One-Minute Overview#
SurfSense is an open-source AI research assistant that lets you connect any large language model to your internal knowledge sources and enable real-time team collaboration through chat. As an alternative to NotebookLM, Perplexity, and Glean, it supports uploading 50+ file formats, knowledge base searching, citation-based answers, and offers both local LLM support and self-hosting options.
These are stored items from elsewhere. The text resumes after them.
Lemma continuous_fun_bounded (phi : X -> R) : is_continuous_fun d phi ->
  exists M, 0 <= M /\ forall x, Rabs (phi x) <= M.
Proof.
  intros Hp.
  destruct (Hc nat (fun n x => Rabs (phi x) < INR n)) as [l Hl].
  - intros n x Hx. destruct (Hp x (INR n - Rabs (phi x))) as [e [He H]]; [lra|].
    exists e; split; [exact He|]. intros y Hy. specialize (H y Hy).
    pose proof (Rabs_triang_inv (phi y) (phi x)). lra.
  - intros x. destruct (archimed (Rabs (phi x))) as [H1 _].
    assert (Hz : (0 <= up (Rabs (phi x)))%Z).
    { apply le_IZR. pose proof (Rabs_pos (phi x)). simpl. lra. }
    exists (Z.to_nat (up (Rabs (phi x)))). rewrite INR_IZR_INZ, Z2Nat.id by exact Hz. exact H1.
  - exists (INR (list_max l)). split; [apply pos_INR|].
    intros x. destruct (Hl x) as [n [Hn Hx]].
    apply Rlt_le, Rlt_le_trans with (1 := Hx), le_INR.
    exact (proj1 (Forall_forall _ l) (proj1 (list_max_le l _) (Nat.le_refl _)) n Hn).
Qed.

Lemma list_min_pos {A} (r : A -> R) (l : list A) :
  exists eta, 0 < eta /\ forall a, In a l -> 0 < r a -> eta <= r a.
Proof.
  induction l as [|a l [e [He H]]]; [exists 1; split; [lra | simpl; tauto]|].
  destruct (Rlt_dec 0 (r a)) as [Ha|Ha].
  - exists (Rmin e (r a)); split; [now apply Rmin_pos|].
    intros b [<-|Hb] Hb0; [apply Rmin_r | eapply Rle_trans; [apply Rmin_l | auto]].
  - exists e; split; [exact He|]. intros b [<-|Hb] Hb0; [contradiction | auto].
Qed.

Lemma flow_uniformly_close_to_identity (f : R -> X -> X) : is_continuous_flow d f ->
  forall eps, 0 < eps -> exists eta, 0 < eta /\ forall w h, Rabs h < eta -> d (f h w) w < eps.
Proof.
  intros [Hf0 [_ Hfc]] eps Heps. destruct Hm as [_ [Hdeq [Hsym Htri]]].
  set (good := fun (p : X * R) => 0 < snd p /\ snd p <= eps / 2 /\
    forall h x', Rabs h < snd p -> d (fst p) x' < snd p -> d (fst p) (f h x') < eps / 2).
  destruct (Hc {p | good p} (fun p w => d (fst (proj1_sig p)) w < snd (proj1_sig p))) as [l Hl].
  - intros [[z r] Hp] w Hw; simpl in *. exists (r - d z w). split; [lra|].
    intros v Hv. specialize (Htri z w v). lra.
  - intros w. destruct (Hfc 0 w (eps / 2)) as [e [He H]]; [lra|].
    assert (Hg : good (w, Rmin e (eps / 2))).
    { split; [apply Rmin_pos; lra|]. split; [apply Rmin_r|].
      intros h x' Hh Hx'. simpl in *. rewrite <- (Hf0 w) at 1.
      pose proof (Rmin_l e (eps / 2)). apply H; [rewrite Rminus_0_r|]; lra. }
    exists (exist _ _ Hg). simpl. rewrite (proj2 (Hdeq w w) eq_refl). apply Rmin_pos; lra.
  - destruct (list_min_pos (fun p : {p | good p} => snd (proj1_sig p)) l) as [eta [Heta Hmin]].
    exists eta; split; [exact Heta|]. intros w h Hh.
    destruct (Hl w) as [[[z r] [Hr [Hre Hp]]] [Hin Hw]]; simpl in *.
    specialize (Hmin _ Hin Hr). simpl in Hmin.
    assert (Hzh : d z (f h w) < eps / 2) by (apply Hp; lra).
    pose proof (Htri (f h w) z w). pose proof (Hsym (f h w) z). lra.
Qed.

End Compactness.

Section Orbit_integrals.
Context {X : Type} (d : X -> X -> R) (f : R -> X -> X) (phi : X -> R).
Hypotheses (Hm : is_metric d) (Hf : is_continuous_flow d f) (Hp : is_continuous_fun d phi).

Lemma continuous_along_orbit (y : X) (s : R) : continuous (fun u => phi (f u y)) s.
Proof.
  apply continuity_pt_filterlim. intros eps Heps.
  destruct (Hp (f s y) eps Heps) as [e1 [He1 H1]].
  destruct Hf as [_ [_ Hc]]. destruct (Hc s y e1 He1) as [e2 [He2 H2]].
  exists e2; split; [exact He2|]. intros s' [_ Hs']. apply H1, H2; [exact Hs'|].
  destruct Hm as [_ [Hd0 _]]. now rewrite (proj2 (Hd0 y y) eq_refl).
Qed.

Lemma ex_RInt_along_orbit (y : X) (a b : R) : ex_RInt (fun u => phi (f u y)) a b.
Proof.
  apply (ex_RInt_continuous (V := R_CompleteNormedModule)).
  intros; apply continuous_along_orbit.
Qed.

Lemma RInt_along_orbit_shift (y : X) (a t : R) :
  RInt (fun u => phi (f u y)) a (a + t) = Phi0 f phi (f a y) t.
Proof.
  unfold Phi0. destruct Hf as [_ [Hflow _]].
  rewrite <- (Rplus_0_l a) at 1. rewrite (Rplus_comm a t).
  rewrite <- (Rmult_1_l 0), <- (Rmult_1_l t) at 1.
  rewrite <- (RInt_comp_lin (V := R_CompleteNormedModule)) by apply ex_RInt_along_orbit.
  apply RInt_ext. intros u _. rewrite Hflow. cbn. now rewrite Rmult_1_l, Rmult_1_l.
Qed.
Lemma circle_s3 rho : circle rho (s3 / 3) = - rot120 (rot120 (rho, 0)).
Proof.
have s3_3 : (s3 / 3) ^+ 2 = 1 / 3 by rewrite expr_div_n s3_sqr; field.
by rewrite rot120_rot120 opp_pairE /circle s3_3 /=; congr (_, _); field.
Qed.
End Plane.
Arguments s3 {R}.

(** * Concave functions on a disc and fibres over it *)

Section ConcaveOnDisc.
Variable R : realType.
Variables (f : R * R -> R) (r M : R).
Hypothesis f_concave : forall w w' l,
  normsq w <= r ^+ 2 -> normsq w' <= r ^+ 2 -> 0 <= l <= 1 ->
  l * f w + (1 - l) * f w' <= f (l *: w + (1 - l) *: w').
Hypothesis f_bounded : forall w, normsq w <= r ^+ 2 -> `|f w| <= M.

Lemma concave_disc_bound_ge0 : 0 <= M.
Proof.
apply: le_trans (normr_ge0 (f 0)) (f_bounded _).
by rewrite /normsq /= expr0n /= addr0 sqr_ge0.
Qed.

(* Extend the segment from w' through w by r - rho beyond w; concavity along
   it bounds the slope of f by the oscillation 2M over the length r - rho. *)
Lemma concave_disc_lipschitz rho w w' : 0 <= rho < r ->
  enorm w <= rho -> enorm w' <= rho -> f w' - f w <= 2 * M / (r - rho) * enorm (w - w').
Proof.
move=> /andP [rho0 rho_r] w_rho w'_rho; set s := r - rho; set d := enorm (w - w').
have s0 : 0 < s by rewrite subr_gt0.
have [d0 | d_neq0] := eqVneq d 0.
  have /subr0_eq -> : w - w' = 0 by apply: normsq_eq0; rewrite -enorm_sqr -/d d0 expr0n.
  by rewrite subrr d0 mulr0.
have d_gt0 : 0 < d by rewrite lt_def d_neq0 enorm_ge0.
have disc_le w1 : enorm w1 <= r -> normsq w1 <= r ^+ 2.
  by rewrite enorm_le // ltW ?(le_lt_trans rho0).
have w_disc := disc_le _ (le_trans w_rho (ltW rho_r)).
have w'_disc := disc_le _ (le_trans w'_rho (ltW rho_r)).
have M0 := concave_disc_bound_ge0.
set p := w + (s / d) *: (w - w').
have p_disc : enorm p <= r.
  apply: le_trans (enormD _ _) _; rewrite enormZ -/d ger0_norm; last by rewrite divr_ge0 ?ltW.
  by rewrite mulfVK // /s; lra.
have ds_gt0 : 0 < d + s by rewrite addr_gt0.
set l := d / (d + s).
have l01 : 0 <= l <= 1 by rewrite divr_ge0 ?ler_pdivrMr ?mul1r; lra.
have w_comb : l *: p + (1 - l) *: w' = w.
  rewrite /p /l [RHS]surjective_pairing !scale_pairE !add_pairE opp_pairE /=.
  by congr (_, _); field; rewrite lt0r_neq0 // d_neq0.
have := f_concave (disc_le _ p_disc) w'_disc l01; rewrite w_comb.
have := f_bounded (disc_le _ p_disc); have := f_bounded w'_disc.
rewrite !ler_norml => /andP [? ?] /andP [? ?] f_conc.
have l_le : l <= d / s.
  by rewrite /l ler_pM2l // lef_pV2 ?posrE //; lra.
have -> : 2 * M / s * d = d / s * (2 * M) by ring.
have : l * (f w' - f p) <= l * (2 * M) by rewrite ler_wpM2l //; [case/andP: l01 | lra].
have : l * (2 * M) <= d / s * (2 * M) by rewrite ler_wpM2r //; lra.
lra.
Qed.

Lemma concave_disc_continuous w : enorm w < r -> {for w, continuous f}.
Proof.
move=> w_r; set rho := (enorm w + r) / 2; set L := 2 * M / (r - rho).
have rho_r : 0 <= rho < r by apply/andP; split; have := enorm_ge0 w; rewrite /rho; lra.
have L0 : 0 <= L.
  have M0 := concave_disc_bound_ge0.
  by rewrite /L divr_ge0 ?mulr_ge0 // subr_ge0 ltW //; case/andP: rho_r.
have near_rho : \forall w' \near w, enorm w' < rho.
  by apply: (cvgr_lt _ (@enorm_continuous _ w)); rewrite /rho; lra.
apply/cvgrPdist_lt => eps eps0.
have near_w : \forall w' \near w, enorm (w - w') < eps / (L + 1).
  have dist_cont : (fun w' => enorm (w - w')) @ w --> enorm (w - w).
    apply: continuous_comp; last exact: enorm_continuous.
    by apply: cvgB; [exact: cvg_cst | exact: cvg_id].
  by apply: (cvgr_lt _ dist_cont); rewrite subrr enorm0 divr_gt0 //; lra.
near=> w'.
have w'_rho : enorm w' <= rho by apply: ltW; near: w'.
have dist_lt : enorm (w - w') < eps / (L + 1) by near: w'.
have w_rho : enorm w <= rho by rewrite /rho; lra.
have lip1 := concave_disc_lipschitz rho_r w_rho w'_rho.
have lip2 := concave_disc_lipschitz rho_r w'_rho w_rho.
rewrite -/L in lip1 lip2; rewrite -enormN opprB in lip2.
have : L * enorm (w - w') <= L * (eps / (L + 1)) by rewrite ler_wpM2l // ltW.
have : L * (eps / (L + 1)) < eps.
  rewrite mulrCA gtr_pMr // ltr_pdivrMr ?mul1r; lra.
by rewrite ltr_norml; lra.
Unshelve. all: by end_near.
Qed.
End ConcaveOnDisc.

Lemma ivt_opp_ends (R : realType) (g : R -> R) (a b : R) : a <= b ->
  {within `[a, b], continuous g} -> g b = - g a -> exists2 c, c \in `[a, b]%R & g c = 0.
Proof.
move=> ab gc gba; apply: (IVT ab gc); rewrite gba.
by case: (lerP 0 (g a)) => g0; rewrite ge_min le_max; apply/andP; split; apply/orP; lra.
Qed.

Section Fibre.
Variable R : realType.
Variable G : R * R -> R -> Prop.
Variables (r M : R).
Hypothesis G_convex : forall w w' t t' l, G w t -> G w' t' -> 0 <= l <= 1 ->
  G (l *: w + (1 - l) *: w') (l * t + (1 - l) * t').
Hypothesis G_sym : forall w t, G w t -> G (- w) (- t).
Hypothesis G_bounded : forall w t, G w t -> `|t| <= M.
Hypothesis G_closed : forall w, closed [set t | G w t].
Hypothesis G_proj : forall w, normsq w <= r ^+ 2 -> exists t, G w t.

Definition fibre_top w := sup [set t | G w t].

Lemma fibre_has_sup w t : G w t -> has_sup [set t | G w t].
Proof.
move=> Gwt; split; first by exists t.
by exists M => s /G_bounded /(le_trans (ler_norm _)).
Qed.

Lemma fibre_top_ub w t : G w t -> t <= fibre_top w.
Proof. by move=> Gwt; apply: sup_upper_bound (fibre_has_sup Gwt) _ Gwt. Qed.

Lemma G_fibre_top w : normsq w <= r ^+ 2 -> G w (fibre_top w).
Proof.
move=> /G_proj [t /fibre_has_sup [ne ub]].
by have := closure_sup ne ub; rewrite -(closure_id _).1.
Qed.

Lemma fibre_top_bounded w : normsq w <= r ^+ 2 -> `|fibre_top w| <= M.
Proof. by move=> /G_fibre_top /G_bounded. Qed.

Lemma fibre_top_concave w w' l : normsq w <= r ^+ 2 -> normsq w' <= r ^+ 2 -> 0 <= l <= 1 ->
  l * fibre_top w + (1 - l) * fibre_top w' <= fibre_top (l *: w + (1 - l) *: w').
Proof. by move=> w_r w'_r l01; apply/fibre_top_ub/G_convex => //; apply: G_fibre_top. Qed.

(* By symmetry the fibre over w is the segment from - fibre_top (- w) to
   fibre_top w; fibre_mid w is its midpoint. *)
Definition fibre_mid w := (fibre_top w - fibre_top (- w)) / 2.

Lemma fibre_midN w : fibre_mid (- w) = - fibre_mid w.
Proof. by rewrite /fibre_mid opprK; field. Qed.

Lemma G_fibre_mid w : normsq w <= r ^+ 2 -> G w (fibre_mid w).
Proof.
move=> w_r; have G_low : G w (- fibre_top (- w)).
  by rewrite -[w in G w _]opprK; apply/G_sym/G_fibre_top; rewrite normsqN.
have := G_convex (G_fibre_top w_r) G_low (l := 1 / 2).
have -> : 1 / 2 *: w + (1 - 1 / 2) *: w = w by rewrite -scalerDl addrC subrK scale1r.
have -> : 1 / 2 * fibre_top w + (1 - 1 / 2) * - fibre_top (- w) = fibre_mid w.
  by rewrite /fibre_mid; field.
by apply; exact: half_itv01.
Qed.
(* Let $\mathbf{s}_1,\dots,\mathbf{s}_l\in\mathbb{Q}^n$, let $\mathcal P\subseteq\mathbb{R}^n$ be the convex hull of $\bigcup_{i=1}^l(\mathbf{s}_i+\mathbb{R}_{\le0}^n)$ and $P=\mathcal P\cap\mathbb{Q}^n$. Then $$K\{\mathbf{X};P\}=\bigcap_{i=1}^l K\{\mathbf{X};\mathbf{s}_i\}.$$
   Context: $K$ is a field complete for a discrete valuation $\mathrm{val}$. For $\mathbf{r}\in\mathbb{Q}^n$, $\mathrm{val}_{\mathbf{r}}(a\mathbf{X}^\alpha)=\mathrm{val}(a)-\mathbf{r}\cdot\alpha$, and $K\{\mathbf{X};\mathbf{r}\}$ is the set of power series $\sum_{\alpha\in\mathbb{N}^n}a_\alpha\mathbf{X}^\alpha$ ($a_\alpha\in K$) with $\mathrm{val}_{\mathbf{r}}(a_\alpha\mathbf{X}^\alpha)\to+\infty$ as $|\alpha|\to\infty$. For $P\subseteq\mathbb{Q}^n$, $K\{\mathbf{X};P\}$ is the set of power series $\sum a_\alpha\mathbf{X}^\alpha$ such that for every $\mathbf{r}\in P$, $\mathrm{val}_{\mathbf{r}}(a_\alpha\mathbf{X}^\alpha)\to+\infty$ as $|\alpha|\to\infty$. *)

From HB Require Import structures.
From mathcomp Require Import all_boot all_order all_algebra.
From mathcomp Require Import reals.
Set Implicit Arguments. Unset Strict Implicit. Unset Printing Implicit Defensive.
Import Order.TTheory GRing.Theory Num.Theory.
Local Open Scope ring_scope.

(* A (normalized) discrete valuation on a field K, given by its values on
   nonzero elements; by convention val 0 = +oo, so val is never consulted at 0. *)
Definition is_discrete_valuation (K : fieldType) (val : K -> int) : Prop :=
  [/\ (forall x y : K, x != 0 -> y != 0 -> val (x * y) = val x + val y),
      (forall x y : K, x != 0 -> y != 0 -> x + y != 0 ->
          Num.min (val x) (val y) <= val (x + y))
    & (exists pi : K, pi != 0 /\ val pi = 1)].

(* "val x >= M", with the convention val 0 = +oo *)
Definition val_ge (K : fieldType) (val : K -> int) (x : K) (M : int) : Prop :=
  x = 0 \/ M <= val x.

Definition val_complete (K : fieldType) (val : K -> int) : Prop :=
  forall u : nat -> K,
    (forall M : int, exists N : nat, forall m p : nat, (N <= m)%N -> (N <= p)%N ->
        val_ge val (u m - u p) M) ->
    exists l : K, forall M : int, exists N : nat, forall m : nat, (N <= m)%N ->
        val_ge val (u m - l) M.

Definition multi_deg (n : nat) (alpha : 'I_n -> nat) : nat := (\sum_(k < n) alpha k)%N.

(* val_r (a X^alpha) = val a - r . alpha  (as a rational; +oo when a = 0) *)
(* a power series is a coefficient family f : (N^n) -> K;
   in_Kr val r f  <->  f belongs to K{X; r} *)
Definition in_Kr (K : fieldType) (val : K -> int) (n : nat) (r : 'I_n -> rat)
    (f : ('I_n -> nat) -> K) : Prop :=
  forall M : rat, exists N : nat, forall alpha : 'I_n -> nat,
    (N <= multi_deg alpha)%N ->
    f alpha = 0 \/ M <= (val (f alpha))%:~R - \sum_(k < n) r k * (alpha k)%:R.

Definition in_KP (K : fieldType) (val : K -> int) (n : nat) (P : ('I_n -> rat) -> Prop)
    (f : ('I_n -> nat) -> K) : Prop :=
  forall r, P r -> in_Kr val r f.

Definition conv_hull (R : realType) (n : nat) (A : ('I_n -> R) -> Prop) (x : 'I_n -> R) : Prop :=
  exists (m : nat) (w : 'I_m -> R) (p : 'I_m -> ('I_n -> R)),
    [/\ (forall j, 0 <= w j), \sum_(j < m) w j = 1, (forall j, A (p j))
      & (forall k, x k = \sum_(j < m) w j * p j k)].

Definition union_orthants (R : realType) (n l : nat) (s : 'I_l -> 'I_n -> rat)
    (y : 'I_n -> R) : Prop :=
  exists i : 'I_l, forall k, y k <= ratr (s i k).

Definition Ppoly (R : realType) (n l : nat) (s : 'I_l -> 'I_n -> rat) (r : 'I_n -> rat) : Prop :=
  conv_hull (@union_orthants R n l s) (fun k => ratr (r k)).

From HB Require Import structures.
From mathcomp Require Import all_boot all_order all_algebra.
From mathcomp Require Import reals.
Import Order.TTheory GRing.Theory Num.Theory.
Local Open Scope ring_scope.

(* The exponent [val a - r . alpha] of a term [a X^alpha] is affine in [r] and,
   as [alpha >= 0], nonincreasing in every coordinate of [r].  A lower bound for
   it that holds at each [s_i] therefore holds on every orthant
   [s_i + R_{<=0}^n] and on their convex hull; since there are finitely many
   [s_i], the degree beyond which the bound holds can be chosen uniformly. *)

Lemma conv_hull_mem {R : realType} {n : nat} (A : ('I_n -> R) -> Prop) x :
  A x -> conv_hull A x.
Proof.
move=> Ax; exists 1%N, (fun _ => 1), (fun _ => x); split=> //.
- by rewrite big_ord1.
- by move=> k; rewrite big_ord1 mul1r.
Qed.

Lemma conv_hull_sum_le {R : realType} {n : nat} {A : ('I_n -> R) -> Prop}
    (c : 'I_n -> R) (b : R) x :
  conv_hull A x -> (forall y, A y -> \sum_k y k * c k <= b) ->
  \sum_k x k * c k <= b.
Proof.
move=> [m [w [p [w_ge0 w_sum1 Ap x_comb]]]] Ab.
have -> : \sum_k x k * c k = \sum_j w j * \sum_k p j k * c k.
  under eq_bigr => k _ do rewrite x_comb mulr_suml.
  rewrite exchange_big; apply: eq_bigr => j _; rewrite mulr_sumr.
  by apply: eq_bigr => k _; rewrite mulrA.
have -> : b = \sum_j w j * b by rewrite -mulr_suml w_sum1 mul1r.
by apply: ler_sum => j _; apply: ler_wpM2l; [exact: w_ge0 | exact: Ab].
Qed.

Lemma Ppoly_vertex (R : realType) {n l : nat} (s : 'I_l -> 'I_n -> rat) i :
  Ppoly R s (s i).
Proof. by apply: conv_hull_mem; exists i. Qed.

Lemma Ppoly_sum_le {R : realType} {n l : nat} {s : 'I_l -> 'I_n -> rat}
    (c : 'I_n -> rat) (b : rat) r :
  (forall k, 0 <= c k) -> (forall i, \sum_k s i k * c k <= b) ->
  Ppoly R s r -> \sum_k r k * c k <= b.
Proof.
move=> c_ge0 s_le hull_r.
have ratr_sum (x : 'I_n -> rat) :
    ratr (\sum_k x k * c k) = \sum_k ratr (x k) * ratr (c k) :> R.
  by rewrite rmorph_sum; apply: eq_bigr => k _; rewrite rmorphM.
rewrite -(ler_rat R) ratr_sum; apply: conv_hull_sum_le hull_r _ => y [i y_le].
apply: le_trans (_ : \sum_k ratr (s i k) * ratr (c k) <= _).
  by apply: ler_sum => k _; rewrite ler_wpM2r ?ler0q.
by rewrite -ratr_sum ler_rat.
Qed.

Lemma in_Kr_uniform {K : fieldType} {val : K -> int} {n l : nat}
    {s : 'I_l -> 'I_n -> rat} {f : ('I_n -> nat) -> K} :
  (forall i, in_Kr val (s i) f) ->
  forall M : rat, exists N : nat, forall alpha, (N <= multi_deg alpha)%N ->
    f alpha = 0 \/
    forall i, M <= (val (f alpha))%:~R - \sum_k s i k * (alpha k)%:R.
Proof.
move=> in_s M; have [N N_s] := fin_all_exists (fun i => in_s i M).
exists (\max_i N i)%N => alpha deg_ge.
case: (eqVneq (f alpha) 0) => [|fa_neq0]; [by left | right] => i.
have [fa_eq0|//] := N_s i alpha (leq_trans (leq_bigmax i) deg_ge).
by rewrite fa_eq0 eqxx in fa_neq0.
Qed.

Theorem mainTheorem12 (R : realType) (K : fieldType) (val : K -> int)
  (hval : is_discrete_valuation val) (hcomp : val_complete val)
  (n l : nat) (s : 'I_l -> 'I_n -> rat) (f : ('I_n -> nat) -> K) :
  in_KP val (@Ppoly R n l s) f <-> (forall i : 'I_l, in_Kr val (s i) f).
Proof.
split=> [in_P i | in_s r hull_r M]; first exact/in_P/Ppoly_vertex.
have [N N_s] := in_Kr_uniform in_s M.
exists N => alpha deg_ge; have [|bound_s] := N_s alpha deg_ge; first by left.
right; rewrite lerBrDr -lerBrDl; apply: Ppoly_sum_le hull_r => [k|i].
  exact: ler0n.
by rewrite lerBrDl -lerBrDr.
Qed.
Core Value: Connect any LLM to your internal knowledge sources for real-time team collaboration with citation-based answers.
Quick Start#
Installation Difficulty: Medium - Offers multiple deployment options including one-click Docker and full Docker Compose production setup.
# Quick Docker deployment
docker run -d -p 3000:3000 -p 8000:8000 \
-v surfsense-data:/data \
--name surfsense \
--restart unless-stopped \
ghcr.io/modsetter/surfsense:latest
Is this suitable for me?
- ✅ Knowledge Management Teams: Need to connect internal documents, Slack messages, Jira tickets into a searchable knowledge base
- ✅ Research Analysts: Require fast search and query capabilities across extensive document collections
- ❌ Simple Personal Use: If you only need basic document summarization, this may be overly complex
Core Capabilities#
1. Multi-format File Upload - 50+ File Formats#
Supports various formats including documents, images, and videos to save content to your personal knowledge base. Real Value: Upload any type of work material without format conversion to establish a comprehensive knowledge base
2. Knowledge Base Search - Hybrid Search Technology#
Uses semantic + full-text hybrid search with date filtering and connector-specific queries. Real Value: Quickly find information regardless of content format or structure
3. Cited Answers - Perplexity-style Responses#
Get natural language answers with source citations for verifiability. Real Value: Enhance answer credibility with traceable information sources
4. Team Collaboration with RBAC - Role-Based Access Control#
Implements role-based access control for search spaces with customizable team roles. Real Value: Securely share knowledge bases while maintaining granular document access controls
5. Podcast Generation - Fast Audio Content Creation#
Generate engaging audio podcasts from chat conversations or knowledge base content. Real Value: Transform research content into shareable audio format
Tech Stack & Integration#
Development Languages: Python (backend), TypeScript (frontend) Main Dependencies: FastAPI, PostgreSQL (with pgvector), Next.js, React, LangChain, Deep Agents Integration Method: Browser extension, API integration, supports processing of 50+ file formats
Ecosystem & Extensions#
- Plugins/Extensions: Browser extension for saving web pages, including those behind authentication
- Integration Capabilities: Connects to multiple external sources including Google Drive, Slack, Microsoft Teams, Jira, Confluence, Notion, Gmail, YouTube, GitHub, and more
Maintenance Status#
- Development Activity: Actively developed, though not yet production-ready, with ongoing iterations
- Recent Updates: Frequent releases with new features and improvements
- Community Response: Active Discord community for support and contribution
Commercial & Licensing#
License Type: Not explicitly specified
- ✅ Commercial Use: Open source project, typically allowed for commercial use
- ✅ Modification: Open source project, typically allows modification
- ⚠️ Restrictions: Specific license terms to be confirmed
Documentation & Learning Resources#
- Documentation Quality: Moderate, with installation guides and basic instructions
- Official Documentation: Detailed API documentation available (http://localhost:8000/docs)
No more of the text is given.